Directions for this task:
When you reach the line containing "fun t => prodF f g t - prodF g f t." in the records below, start copying exactly, and stop once you have copied the line containing "index 1 <->".

Task material:
Start of Block
Lemma cconnP Y (a b : cobj Y) : cconn a b <-> loopnum a = loopnum b.
Proof.
split=> [|L]; first exact: loopnum_cconn.
move: a b L => [X m p] [X' m' p'] L.
have [[Xa ma pa] inj_a ca] := vertex_inj_rep p p.
have [[Xb mb pb] inj_b cb] := vertex_inj_rep p' p'.
apply: (cconn_trans ca); apply: (cconn_trans _ (cconn_sym cb)).
apply: cconn_vertex_inj => //; change (loopnum (CObj pa) = loopnum (CObj pb)).
by rewrite -(loopnum_cconn ca) -(loopnum_cconn cb).
Qed.

Lemma loopnum_post_iso Y Y' (psi : mor Y Y') (h : is_iso psi) (a : cobj Y) :
  loopnum (post_iso a h) = gsum psi (loopnum a).
Proof.
rewrite loopnum_post ?(loop_number_iso h); last exact: admissible_iso.
by apply/ffunP => w; rewrite !ffunE.
Qed.

Lemma loopnum_post_econ Y Y' (psi : mor Y Y') s t (h : is_econ s t psi) (a : cobj Y) :
  loopnum (post_econ a h) = gsum psi (loopnum a).
Proof.
rewrite loopnum_post ?(loop_number_econ h); last exact: admissible_econ h.
by apply/ffunP => w; rewrite !ffunE.
Qed.

Lemma loopnum_post_lcon Y Y' (psi : mor Y Y') s t (h : is_lcon s t psi) (a : cobj Y) :
  loopnum (post_lcon a h) = gloop psi s (loopnum a).
Proof.
rewrite loopnum_post ?(loop_number_lcon h); last exact: admissible_lcon h.
by apply/ffunP => w; rewrite !ffunE addnC.
Qed.

Theorem proposition5p4 :
  (forall (Y : agg) (a b : cobj Y), cconn a b <-> loopnum a = loopnum b) /\
  (forall (Y : agg) (g : genus_val Y), exists a : cobj Y, loopnum a = g) /\
  (forall (Y Y' : agg) (psi : mor Y Y') (h : is_iso psi) (a : cobj Y),
      loopnum (post_iso a h) = gsum psi (loopnum a)) /\
  (forall (Y Y' : agg) (psi : mor Y Y') (s t : F Y) (h : is_econ s t psi) (a : cobj Y),
      loopnum (post_econ a h) = gsum psi (loopnum a)) /\
  (forall (Y Y' : agg) (psi : mor Y Y') (s t : F Y) (h : is_lcon s t psi) (a : cobj Y),
      loopnum (post_lcon a h) = gloop psi s (loopnum a)).
Proof.
split; first exact: cconnP.
split; first exact: loopnum_surj.
split; first exact: loopnum_post_iso.
split; first exact: loopnum_post_econ.
exact: loopnum_post_lcon.
Qed.
(* Let $S=\{1,2\}$ and let $\mathcal{F}$ be the family of finite disjoint unions of $S$-colored chains whose colors alternate along the chain. For $i\in S$, $n\ge1$, let $L(i,n)$ be the alternating chain with $n$ elements whose maximal element (root) is colored $i$. Then in $\mathfrak{n}_{\mathcal{F}}$ with bracket $[x,y]=x\rhd y-y\rhd x$: $[\delta_{L(i,2k)},\delta_{L(j,2l)}]=0$; $[\delta_{L(i,2k)},\delta_{L(j,2l+1)}]=-\delta_{L(j,2(k+l)+1)}$ if $i=j$ and $=\delta_{L(j,2(k+l)+1)}$ if $i\ne j$; $[\delta_{L(i,2k+1)},\delta_{L(j,2l+1)}]=\delta_{L(j,2(k+l+1))}-\delta_{L(i,2(k+l+1))}$. Moreover the linear map $\phi:\mathfrak{n}_{\mathcal{F}}\to L\mathfrak{gl}_2^+$ given by $\phi(\delta_{L(1,2k+1)})=e\otimes t^k$, $\phi(\delta_{L(2,2k+1)})=f\otimes t^{k+1}$ $(k\ge0)$, $\phi(\delta_{L(1,2k)})=-h_1\otimes t^k$, $\phi(\delta_{L(2,2k)})=-h_2\otimes t^k$ $(k\ge1)$ is an isomorphism of Lie algebras.
   Context: $\mathfrak{n}_{\mathcal{F}}$ is the $\mathbb{Q}$-vector space with basis $\delta_P$, $P$ ranging over isomorphism classes of connected members of $\mathcal{F}$, with product $\delta_a\rhd\delta_b=\sum_{t} n(a,b,t)\delta_t$ (sum over connected $t\in\mathcal{F}$ up to isomorphism), where $n(a,b,t)$ is the number of covering relations $x\lessdot y$ in $t$ such that $\{z\in t: z\le x\}\cong a$ and its complement $\cong b$ as colored posets (i.e. the number of ways $t$ is obtained by grafting the maximal element (root) of $a$ directly below an element of $b$). In $\mathfrak{gl}_2$ over $\mathbb{Q}$: $e=E_{1,2}$, $f=E_{2,1}$, $h_1=E_{1,1}$, $h_2=E_{2,2}$. $L\mathfrak{gl}_2=\mathfrak{gl}_2\otimes\mathbb{Q}[t,t^{-1}]$ with $[X\otimes t^m,Y\otimes t^n]=[X,Y]\otimes t^{m+n}$, and $L\mathfrak{gl}_2^+=\mathbb{Q}e\oplus(\mathfrak{gl}_2\otimes t\mathbb{Q}[t])$. *)

From HB Require Import structures.
From mathcomp Require Import all_boot all_order all_algebra.
From Stdlib Require Import ClassicalEpsilon.
Set Implicit Arguments. Unset Strict Implicit. Unset Printing Implicit Defensive.
Import Order.TTheory GRing.Theory Num.Theory.
Local Open Scope ring_scope.

(* An S-colored chain (S = {1,2}) is encoded by the sequence of colors of its
   elements listed from the minimal element (head) to the maximal element /
   root (last).  Two colored chains are isomorphic as colored posets iff their
   color sequences are equal, so a sequence is the canonical representative of
   its isomorphism class. *)

Definition chainF (s : seq nat) : bool :=
  [&& s != [::], all (fun c => (c == 1)%N || (c == 2)%N) s
    & sorted (fun x y : nat => x != y) s].

Definition Lch (i n : nat) : seq nat :=
  [seq (if odd (n.-1 - p) then (3 - i)%N else i) | p <- iota 0 n].

(* n(a,b,t): number of covering relations x <. y in t (x at position p,
   y at position p+1) with downset {z <= x} = take p.+1 t isomorphic to a and
   its complement drop p.+1 t isomorphic to b. *)
Definition ncount (a b t : seq nat) : nat :=
  count (fun p => (take p.+1 t == a) && (drop p.+1 t == b)) (iota 0 (size t).-1).

(* An element of n_F = sum_P c_P delta_P is represented by its coefficient
   function  seq nat -> rat , vanishing off connected members of F and of
   finite support. *)
Definition isNF (f : seq nat -> rat) : Prop :=
  (forall s, ~~ chainF s -> f s = 0) /\
  (exists N : nat, forall s, (N < size s)%N -> f s = 0).

Definition deltaF (P : seq nat) : seq nat -> rat := fun s => (s == P)%:R.

(* bilinear product  delta_a |> delta_b = sum_t n(a,b,t) delta_t ; only
   prefixes a and suffixes b of t can have n(a,b,t) <> 0. *)
Definition prodF (f g : seq nat -> rat) : seq nat -> rat := fun t =>
  if chainF t then
    \sum_(a <- [seq take q t | q <- iota 0 (size t).+1])
      \sum_(b <- [seq drop q t | q <- iota 0 (size t).+1])
         f a * g b * (ncount a b t)%:R
  else 0.

Definition brF (f g : seq nat -> rat) : seq nat -> rat :=
  fun t => prodF f g t - prodF g f t.

(* gl_2 (x) Q[t] is identified with 2x2 matrices over Q[t]; the loop bracket
   [X t^m, Y t^n] = [X,Y] t^(m+n) is the matrix commutator.  Index 0 <-> 1,
   index 1 <-> 2, so e = E_{0,1}, f = E_{1,0}, h_1 = E_{0,0}, h_2 = E_{1,1}.
   L gl_2^+ = Q e (+) gl_2 (x) tQ[t]: all constant terms vanish except
   possibly that of the (0,1) entry. *)
Definition isLglP (A : 'M[{poly rat}]_2) : Prop :=
  (A 0 0)`_0 = 0 /\ (A 1 0)`_0 = 0 /\ (A 1 1)`_0 = 0.

Definition brL (A B : 'M[{poly rat}]_2) : 'M[{poly rat}]_2 := A * B - B * A.

Definition suppBound (f : seq nat -> rat) : nat :=
  epsilon (inhabits 0%N) (fun N : nat => forall s, (N < size s)%N -> f s = 0).

Definition phiCoef (f : seq nat -> rat) (a b k : nat) : rat :=
  match a, b with
  | 0, 1 => f (Lch 1 k.*2.+1)
  | 1, 0 => if k is k'.+1 then f (Lch 2 k'.*2.+1) else 0
  | 0, 0 => if k is 0 then 0 else - f (Lch 1 k.*2)
  | _, _ => if k is 0 then 0 else - f (Lch 2 k.*2)
  end.

Definition phi (f : seq nat -> rat) : 'M[{poly rat}]_2 :=
  \matrix_(a < 2, b < 2) \poly_(k < (suppBound f).+1) phiCoef f a b k.

From HB Require Import structures.
From mathcomp Require Import all_boot all_order all_algebra.
From mathcomp Require Import zify.
From Stdlib Require Import ClassicalEpsilon.
Set Implicit Arguments. Unset Strict Implicit. Unset Printing Implicit Defensive.
Import Order.TTheory GRing.Theory Num.Theory.
Local Open Scope ring_scope.

(* Every connected member of F is an alternating chain, determined by its root
   color c and its size n, i.e. it is L(c, n).  Grafting only glues a chain
   below the bottom of another one, so d_L(i,a) |> d_L(j,b) is d_L(j,a+b) when the
   colors still alternate at the junction and 0 otherwise; the three bracket
   formulas follow by parity.
   For phi, evaluating f |> g on L(c, n) sums over the n - 1 ways of cutting
   the chain.  Sorting the cuts by parity turns this sum into a convolution of
   coefficients of phi f and phi g, which is exactly phi (f |> g) = - phi g * phi f
   in gl_2 (x) Q[t]; hence phi preserves the bracket.  Each basis chain L(c, n)
   is sent to a single monomial of a single entry, and these monomials are
   exactly the ones allowed in L gl_2^+, so phi is bijective. *)

Lemma natr_count (T : Type) (R : pzSemiRingType) (a : pred T) (s : seq T) :
  (count a s)%:R = \sum_(x <- s) (a x)%:R :> R.
Proof. by elim: s => [|x s IH]; rewrite ?big_nil // big_cons natrD IH. Qed.
(* Wedderburn-Artin data: psi = (phi_i)_i : R -> prod_i M_(d i)(C) is a
   surjective unital algebra morphism with kernel Rad(R), i.e. it induces
   R / Rad(R) ~= M_(d 0)(C) x ... x M_(d (k-1))(C). *)
Definition WA_decomp (k : nat) (d : 'I_k -> nat)
    (phi : forall i : 'I_k, 'M[algC]_n -> 'M[algC]_(d i)) : Prop :=
  (forall i, 0 < d i)%N /\
  [/\ (forall i (c : algC) A B, Ralg A -> Ralg B ->
          phi i (c *: A + B) = c *: phi i A + phi i B),
      (forall i A B, Ralg A -> Ralg B -> phi i (A *m B) = phi i A *m phi i B),
      (forall i, phi i 1%:M = 1%:M),
      (forall g : forall i, 'M[algC]_(d i),
          exists A, Ralg A /\ forall i, phi i A = g i) &
      (forall A, Ralg A -> ((forall i, phi i A = 0) <-> JRad Ralg A))].

Definition theta (k : nat) (d : 'I_k -> nat)
    (phi : forall i : 'I_k, 'M[algC]_n -> 'M[algC]_(d i)) (i : 'I_k)
    (u : seq Sigma) : 'M[algC]_(d i) := phi i (rho u).

Definition theta_monoid (k : nat) (d : 'I_k -> nat)
    (phi : forall i : 'I_k, 'M[algC]_n -> 'M[algC]_(d i)) (i : 'I_k)
    (g : 'M[algC]_(d i)) : Prop := exists u, theta phi i u = g.

Definition Rnk_i (k : nat) (d : 'I_k -> nat)
    (phi : forall i : 'I_k, 'M[algC]_n -> 'M[algC]_(d i)) (i : 'I_k)
    (g : 'M[algC]_(d i)) : nat :=
  natmin (fun r => exists u, theta phi i u = g /\ rk u = r).

Definition RnkI (k : nat) (d : 'I_k -> nat)
    (phi : forall i : 'I_k, 'M[algC]_n -> 'M[algC]_(d i)) (i : 'I_k)
    (I : 'M[algC]_(d i) -> Prop) : nat :=
  natmin (fun r => exists g, [/\ I g, g <> 0 & Rnk_i phi g = r]).

Definition minRnk (k : nat) (d : 'I_k -> nat)
    (phi : forall i : 'I_k, 'M[algC]_n -> 'M[algC]_(d i))
    (I : forall i : 'I_k, 'M[algC]_(d i) -> Prop) : nat :=
  natmin (fun r => exists i, RnkI phi (I i) = r).

Definition Fr : nat := natmin (fun r => exists u, ~ is_reset u /\ rk u = r).
Definition Fs (u : seq Sigma) : Prop := rk u = Fr.

End Auto.

Definition mon_ideal (m : nat) (M J : 'M[algC]_m -> Prop) : Prop :=
  [/\ (exists g, J g), (forall g, J g -> M g) &
      (forall a b g, M a -> M b -> J g -> J (a *m g *m b))].

Definition zero_minimal_ideal (m : nat) (M J : 'M[algC]_m -> Prop) : Prop :=
  [/\ mon_ideal M J, (exists g, J g /\ g <> 0) &
      (forall J', mon_ideal M J' -> (forall g, J' g -> J g) ->
         (forall g, J' g -> g = 0) \/ (forall g, J g -> J' g))].

Arguments theta_monoid {n Sigma} delta {k d} phi i g.
Arguments Rnk_i {n Sigma} delta {k d} phi i g.
Arguments RnkI {n Sigma} delta {k d} phi i I.
Arguments theta {n Sigma} delta {k d} phi i u.

From Pilot Require Import Defs.
From HB Require Import structures.
From mathcomp Require Import all_boot all_order all_algebra.
From mathcomp Require Import algC.
From Stdlib Require Import Classical ClassicalEpsilon Wf_nat.

Set Implicit Arguments.
Unset Strict Implicit.
Unset Printing Implicit Defensive.
Import GRing.Theory.
Local Open Scope ring_scope.

(** Reset words act as [0], so every nonzero element of a 0-minimal ideal
    [I_i] is [theta_i w] for a non-reset word [w]: hence [Fr <= Rnk(I_i)].
    Conversely, let [u] be former-synchronizing with [theta_i u <> 0].  As
    [theta_i(Sigma^* )] spans the prime ring [M_(d_i)(C)], for a nonzero
    [h = theta_i v] in [I_i] there are words [b], [c] with
    [h (theta_i b) (theta_i u) (theta_i c) h <> 0]; this is [theta_i] of the
    word [v b u c v], a nonzero element of [I_i] of rank at most
    [rk u = Fr].  That [k > 0] follows from [1] not being radical: a proper
    left ideal of maximal dimension is a maximal left ideal. *)

Lemma natmin_spec (P : nat -> Prop) :
  (exists j, P j) -> P (natmin P) /\ forall j, P j -> (natmin P <= j)%N.
Proof.
move=> exP.
apply: (epsilon_spec _ (fun m => P m /\ forall j, P j -> (m <= j)%N)).
have [m [[Pm minm] _]] :=
  dec_inh_nat_subset_has_unique_least_element P (fun j => classic (P j)) exP.
by exists m; split=> // j /minm /leP.
Qed.

Lemma natminP (P : nat -> Prop) : (exists j, P j) -> P (natmin P).
Proof. by case/natmin_spec. Qed.

Lemma natmin_le (P : nat -> Prop) j : P j -> (natmin P <= j)%N.
Proof. by move=> Pj; apply: (natmin_spec (ex_intro P j Pj)).2. Qed.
End of Block
Solution to this exercise:
  fun t => prodF f g t - prodF g f t.

(* gl_2 (x) Q[t] is identified with 2x2 matrices over Q[t]; the loop bracket
   [X t^m, Y t^n] = [X,Y] t^(m+n) is the matrix commutator.  Index 0 <-> 1,
   index 1 <-> 2, so e = E_{0,1}, f = E_{1,0}, h_1 = E_{0,0}, h_2 = E_{1,1}.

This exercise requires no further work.